Lemma PiX_zeroP (S : set 'cV[R]_n) x z : S x ->
  PiX_zero S x z <-> forall y, S y -> dotv z (y - x) <= 0.
Proof.
move=> Sx; split=> [[_ z_min] y Sy | z_polar].
  rewrite leNgt; apply/negP => zv_gt0; set v := y - x in zv_gt0.
  set s := dotv z v / (sqnorm v + 1).
  have v_ge0 := sqnorm_ge0 v.
  have s_gt0 : 0 < s by rewrite divr_gt0 //; lra.
  have sv_tcone : tcone S x (s *: v).
    by apply: subset_closure; exists s; exists y => //; split=> //; exact: ltW.
  have := z_min _ sv_tcone; rewrite subr0 sqnormB dotvZr sqnormZ.
  have : s * (sqnorm v + 1) = dotv z v by rewrite divfK //; lra.
  nra.
split=> [|w w_tcone].
  by apply: subset_closure; exists 0; exists x; rewrite ?scale0r ?lexx.
rewrite subr0 sqnormB; suff : dotv z w <= 0 by have := sqnorm_ge0 w; lra.
have polar_closed : closed [set w | dotv z w <= 0].
  apply: (@preimage_closed _ R (dotv z) [set r | r <= 0]); last exact: closed_le.
  by move=> ? _; exact: continuous_dotv.
have feasible_polar : [set v | exists t, exists2 y, S y & 0 <= t /\ v = t *: (y - x)]
    `<=` [set w | dotv z w <= 0].
  move=> _ [t [y Sy [t_ge0 ->]]]; rewrite /= dotvZr.
  by apply: mulr_ge0_le0 => //; exact: z_polar.
by have := closureS feasible_polar w_tcone; rewrite -(closure_id _).1.
Qed.

Lemma box_polarE (lo hi : 'I_n -> R) x z : (forall i, lo i <= x i 0 <= hi i) ->
  (forall y, (forall i, lo i <= y i 0 <= hi i) -> dotv z (y - x) <= 0) <->
  (forall i, box_compl (lo i) (hi i) (x i 0) (z i 0)).
Proof.
move=> x_box; split=> [z_polar i | x_sol y y_box].
  apply/(box_complP _ (x_box i)) => s s_itv.
  pose y := \col_j (if j == i then s else x j 0).
  have y_box j : lo j <= y j 0 <= hi j by rewrite mxE; case: eqP => [->|] // _; exact: x_box.
  have := z_polar y y_box; rewrite /dotv (bigD1 i) //= big1 => [|j ji].
    by rewrite !mxE eqxx addr0.
  by rewrite !mxE (negbTE ji) subrr mulr0.
apply: sumr_le0 => i _; rewrite !mxE.
by apply: (box_complP _ (x_box i)).1; [exact: x_sol | exact: y_box].
Qed.

Lemma XsetE D y : posdiag D -> Xset D y <-> forall i, 0 <= y i 0 <= (D i i)^-1.
Proof.
move=> [D_diag D_pos]; rewrite /Xset /=.
split=> y_X i; have := y_X i;
  by rewrite mul_diag_mx_coord // pmulr_rge0 // -ler_pdivlMl // mulr1.
Qed.

Lemma pds_equilibrium_box_lcp D A u x : posdiag D -> Xset D x ->
  pds_equilibrium D A u x <-> box_lcp A u (fun=> 0) (fun i => (D i i)^-1) x.
Proof.
move=> D_pos x_X; rewrite /pds_equilibrium PiX_zeroP //.
rewrite /box_lcp -(box_polarE _ ((XsetE _ D_pos).1 x_X)).
by split=> z_polar y /(XsetE _ D_pos) y_X; exact: z_polar.
Qed.

End Equilibria.

Theorem proposition7 (R : realType) (n : nat) (D W : 'M[R]_n) (u : 'cV[R]_n) :
  posdiag D ->
  let A := W - D in
  (forall x : 'cV[R]_n, Xset D x ->
     (hs_equilibrium D A u x <-> ltn_equilibrium D W u x)
     /\ (forall tau : R, 0 < tau ->
           (tau_equilibrium tau D A u x <-> hs_equilibrium D A u x))
     /\ (pds_equilibrium D A u x <-> hs_equilibrium D A u x))
  /\ (LDS A -> exists! x : 'cV[R]_n, hs_equilibrium D A u x).
Proof.
move=> D_pos A; have D_inv_ge0 i : 0 <= (D i i)^-1 by rewrite invr_ge0 ltW //; case: D_pos.
split=> [x x_X | [L [L_diag L_pos] L_neg]].
  split; [|split].
  - rewrite /ltn_equilibrium; have -> : W *m x + u = D *m x + 1 *: (A *m x + u).
      by rewrite scale1r /A mulmxBl addrA [D *m x + _]addrC subrK.
    exact: hs_equilibrium_sat01E.
  - move=> tau tau_gt0; rewrite (hs_equilibrium_sat01E _ _ _ _ tau_gt0).
    rewrite /tau_equilibrium; split=> [/esym/eqP|<-]; last by rewrite scaler0.
    by rewrite scaler_eq0 invr_eq0 gt_eqF //= => /eqP.
  - by rewrite pds_equilibrium_box_lcp // hs_equilibrium_box_lcp.
have A_wneg v : v != 0 -> wdot (fun i => L i i) v (A *m v) < 0.
  by move=> /L_neg; rewrite quadform_lyap_diag // pmulr_rlt0.
have [x [x_sol x_uniq]] := box_lcp_exists_unique u D_inv_ge0 L_pos A_wneg.
exists x; split=> [|y]; first exact/hs_equilibrium_box_lcp.
by move=> /(hs_equilibrium_box_lcp _ _ _ D_pos); exact: x_uniq.
Qed.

EXERCISE DIRECTIONS
Within the material above, show every line that includes "apply".

SOLUTION FOR THIS EXERCISE
  rewrite leNgt; apply/negP => zv_gt0; set v := y - x in zv_gt0.
    by apply: subset_closure; exists s; exists y => //; split=> //; exact: ltW.
  by apply: subset_closure; exists 0; exists x; rewrite ?scale0r ?lexx.
  apply: (@preimage_closed _ R (dotv z) [set r | r <= 0]); last exact: closed_le.
  by apply: mulr_ge0_le0 => //; exact: z_polar.
  apply/(box_complP _ (x_box i)) => s s_itv.
apply: sumr_le0 => i _; rewrite !mxE.
by apply: (box_complP _ (x_box i)).1; [exact: x_sol | exact: y_box].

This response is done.